[Stored items]
((
(* Let $G$ and $H$ be finite simple graphs without isolated vertices, of orders $n$ and $m$ respectively (with $n,m\ge 2$). Then \[ \gamma_{2t}(G\Box H)\ge\tfrac{3}{2}\min\{n,m\}. \]
   Context: For a graph $G=(V,E)$, a set $S\subseteq V$ is a total $2$-dominating set if every vertex of $V$ (including those in $S$) is adjacent to at least $2$ vertices of $S$; $\gamma_{2t}(G)$ is the minimum cardinality of such a set. $G\Box H$ denotes the Cartesian product: vertex set $V(G)\times V(H)$, with $(u_1,v_1)\sim(u_2,v_2)$ iff either $u_1=u_2$ and $v_1\sim v_2$, or $v_1=v_2$ and $u_1\sim u_2$. *)

From mathcomp Require Import all_boot.
Set Implicit Arguments. Unset Strict Implicit. Unset Printing Implicit Defensive.

Definition simple_graph (T : finType) (e : rel T) : Prop :=
  symmetric e /\ irreflexive e.

Definition no_isolated (T : finType) (e : rel T) : Prop :=
  forall x : T, exists y : T, e x y.

Definition cart_prod (T1 T2 : finType) (e1 : rel T1) (e2 : rel T2)
  : rel (T1 * T2) :=
  fun u v => ((u.1 == v.1) && e2 u.2 v.2) || ((u.2 == v.2) && e1 u.1 v.1).

Definition total_2dom (T : finType) (e : rel T) (S : {set T}) : Prop :=
  forall x : T, 2 <= #|[set y in S | e x y]|.

(* gamma_{2t}(G) >= k  iff every total 2-dominating set has size >= k. *)

From mathcomp Require Import all_boot.
From mathcomp Require Import zify.

(* Write r(u) and c(v) for the number of vertices of S in the row {u} x T2 and
   in the column T1 x {v}.  The S-neighbours of (u, v) lie in its row and its
   column, so r(u) + c(v) >= 2, and >= 4 when (u, v) is in S.  If some row is
   empty every column holds two vertices of S, and symmetrically.  Otherwise
   give every vertex of S the charge w(r(u)) + w(c(v)) with w(1) = 6,
   w(2) = 3, w(k) = 2 for k >= 3: each row and each column collects charge
   at least 6, while each vertex gets at most 8, so 6 (n + m) <= 8 |S|. *)

Definition line_weight (k : nat) : nat :=
  if k == 1 then 6 else if k == 2 then 3 else 2.

Lemma line_weight_total k : 0 < k -> 6 <= k * line_weight k.
Proof. by case: k => [|[|[|k]]] // _; rewrite /line_weight /=; lia. Qed.

Lemma line_weight_pair a b :
  0 < a -> 0 < b -> 4 <= a + b -> line_weight a + line_weight b <= 8.
Proof.
by case: a => [|[|[|a]]] //; case: b => [|[|[|b]]] //; rewrite /line_weight /=; lia.
Qed.

Section FiberCount.
Context {T I : finType} (f : T -> I) (S : {set T}).

Definition fiber_card (i : I) : nat := #|[set s in S | f s == i]|.

Lemma sum_fiber_card (F : I -> nat) :
  \sum_(s in S) F (f s) = \sum_i fiber_card i * F i.
Proof.
rewrite (partition_big f xpredT) //=; apply: eq_bigr => i _.
rewrite (eq_bigr (fun _ => F i)); last by move=> s /andP[_ /eqP->].
rewrite sum_nat_const; congr (_ * _).
by apply: eq_card => s; rewrite !inE.
Qed.

Lemma card_sum_fiber : #|S| = \sum_i fiber_card i.
Proof.
rewrite -sum1_card (sum_fiber_card (fun=> 1)).
by apply: eq_bigr => i _; rewrite muln1.
Qed.

Lemma fiber_card_lower_bound k :
  (forall i, k <= fiber_card i) -> k * #|I| <= #|S|.
Proof.
move=> fk; rewrite card_sum_fiber -sum1_card big_distrr /=.
by apply: leq_sum => i _; rewrite muln1.
Qed.

Lemma weight_fiber_lower_bound :
  (forall i, 0 < fiber_card i) ->
  6 * #|I| <= \sum_(s in S) line_weight (fiber_card (f s)).
Proof.
move=> f_pos; rewrite (sum_fiber_card (fun i => line_weight (fiber_card i))).
rewrite -sum1_card big_distrr /=; apply: leq_sum => i _.
by rewrite muln1 line_weight_total.
Qed.

End FiberCount.

Section CartesianProduct.
Context {T1 T2 : finType} {e1 : rel T1} {e2 : rel T2}.
Hypotheses (irr1 : irreflexive e1) (irr2 : irreflexive e2).

Lemma cart_prod_neighbours_subset (S : {set T1 * T2}) (x : T1 * T2) :
  [set y in S | cart_prod e1 e2 x y] \subset
    ([set s in S | s.1 == x.1] :\ x) :|: ([set s in S | s.2 == x.2] :\ x).
Proof.
case: x => u v; apply/subsetP => -[x y]; rewrite !inE /cart_prod /=.
case/andP=> xyS /orP[/andP[/eqP ex e] | /andP[/eqP ey e]]; subst.
- rewrite xyS eqxx /=; apply/orP; left; rewrite andbT.
  by apply/negP => /eqP[ey]; rewrite ey irr2 in e.
- rewrite xyS eqxx /=; apply/orP; right; rewrite andbT.
  by apply/negP => /eqP[ex]; rewrite ex irr1 in e.
Qed.

Lemma total_2dom_row_col {S : {set T1 * T2}} :
  total_2dom (cart_prod e1 e2) S -> forall u v,
  2 + 2 * ((u, v) \in S) <= fiber_card fst S u + fiber_card snd S v.
Proof.
move=> domS u v.
have nbhs := subset_leq_card (cart_prod_neighbours_subset S (u, v)).
have := leq_trans (leq_trans (domS (u, v)) nbhs) (leq_card_setU _ _) => /=.
rewrite /fiber_card !(cardsD1 (u, v) [set s in S | _ == _]) !inE !eqxx !andbT.
set r := #|_ :\ _|; set c := #|_ :\ _|.
by case: ((u, v) \in S) => /=; lia.
Qed.

End CartesianProduct.

Theorem corollary10 (T1 T2 : finType) (e1 : rel T1) (e2 : rel T2) :
  simple_graph e1 -> simple_graph e2 ->
  no_isolated e1 -> no_isolated e2 ->
  2 <= #|T1| -> 2 <= #|T2| ->
  forall S : {set T1 * T2}, total_2dom (cart_prod e1 e2) S ->
    3 * minn #|T1| #|T2| <= 2 * #|S|.
Proof.
move=> [_ irr1] [_ irr2] _ _ _ _ S domS.
have row_col := total_2dom_row_col irr1 irr2 domS.
have [u row0 | no_empty_row] := pickP (fun u => fiber_card fst S u == 0).
  have : 2 * #|T2| <= #|S|.
    apply: (fiber_card_lower_bound snd) => v.
    by have := row_col u v; move/eqP: row0 => ->; lia.
  by lia.
have [v col0 | no_empty_col] := pickP (fun v => fiber_card snd S v == 0).
  have : 2 * #|T1| <= #|S|.
    apply: (fiber_card_lower_bound fst) => u.
    by have := row_col u v; move/eqP: col0 => ->; lia.
  by lia.
have row_pos u : 0 < fiber_card fst S u by rewrite lt0n no_empty_row.
have col_pos v : 0 < fiber_card snd S v by rewrite lt0n no_empty_col.
have rows := weight_fiber_lower_bound _ _ row_pos.
have cols := weight_fiber_lower_bound _ _ col_pos.
have charge : \sum_(s in S) line_weight (fiber_card fst S s.1)
            + \sum_(s in S) line_weight (fiber_card snd S s.2) <= 8 * #|S|.
  rewrite -big_split -sum1_card big_distrr /=; apply: leq_sum => -[u v] uvS /=.
  rewrite muln1 line_weight_pair //.
  by have := row_col u v; rewrite uvS.
have := leq_trans (leq_add rows cols) charge.
by lia.
Qed.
))
* _GOAL OF THE EXERCISE_
Starting from the line that contains "by have := row_col u v; move/eqP: row0", give again every line to the last line of the data, exactly. Include nothing else.

* _ANSWER SPACE_
    by have := row_col u v; move/eqP: row0 => ->; lia.
  by lia.
have [v col0 | no_empty_col] := pickP (fun v => fiber_card snd S v == 0).
  have : 2 * #|T1| <= #|S|.
    apply: (fiber_card_lower_bound fst) => u.
    by have := row_col u v; move/eqP: col0 => ->; lia.
  by lia.
have row_pos u : 0 < fiber_card fst S u by rewrite lt0n no_empty_row.
have col_pos v : 0 < fiber_card snd S v by rewrite lt0n no_empty_col.
have rows := weight_fiber_lower_bound _ _ row_pos.
have cols := weight_fiber_lower_bound _ _ col_pos.
have charge : \sum_(s in S) line_weight (fiber_card fst S s.1)
            + \sum_(s in S) line_weight (fiber_card snd S s.2) <= 8 * #|S|.
  rewrite -big_split -sum1_card big_distrr /=; apply: leq_sum => -[u v] uvS /=.
  rewrite muln1 line_weight_pair //.
  by have := row_col u v; rewrite uvS.
have := leq_trans (leq_add rows cols) charge.
by lia.
Qed.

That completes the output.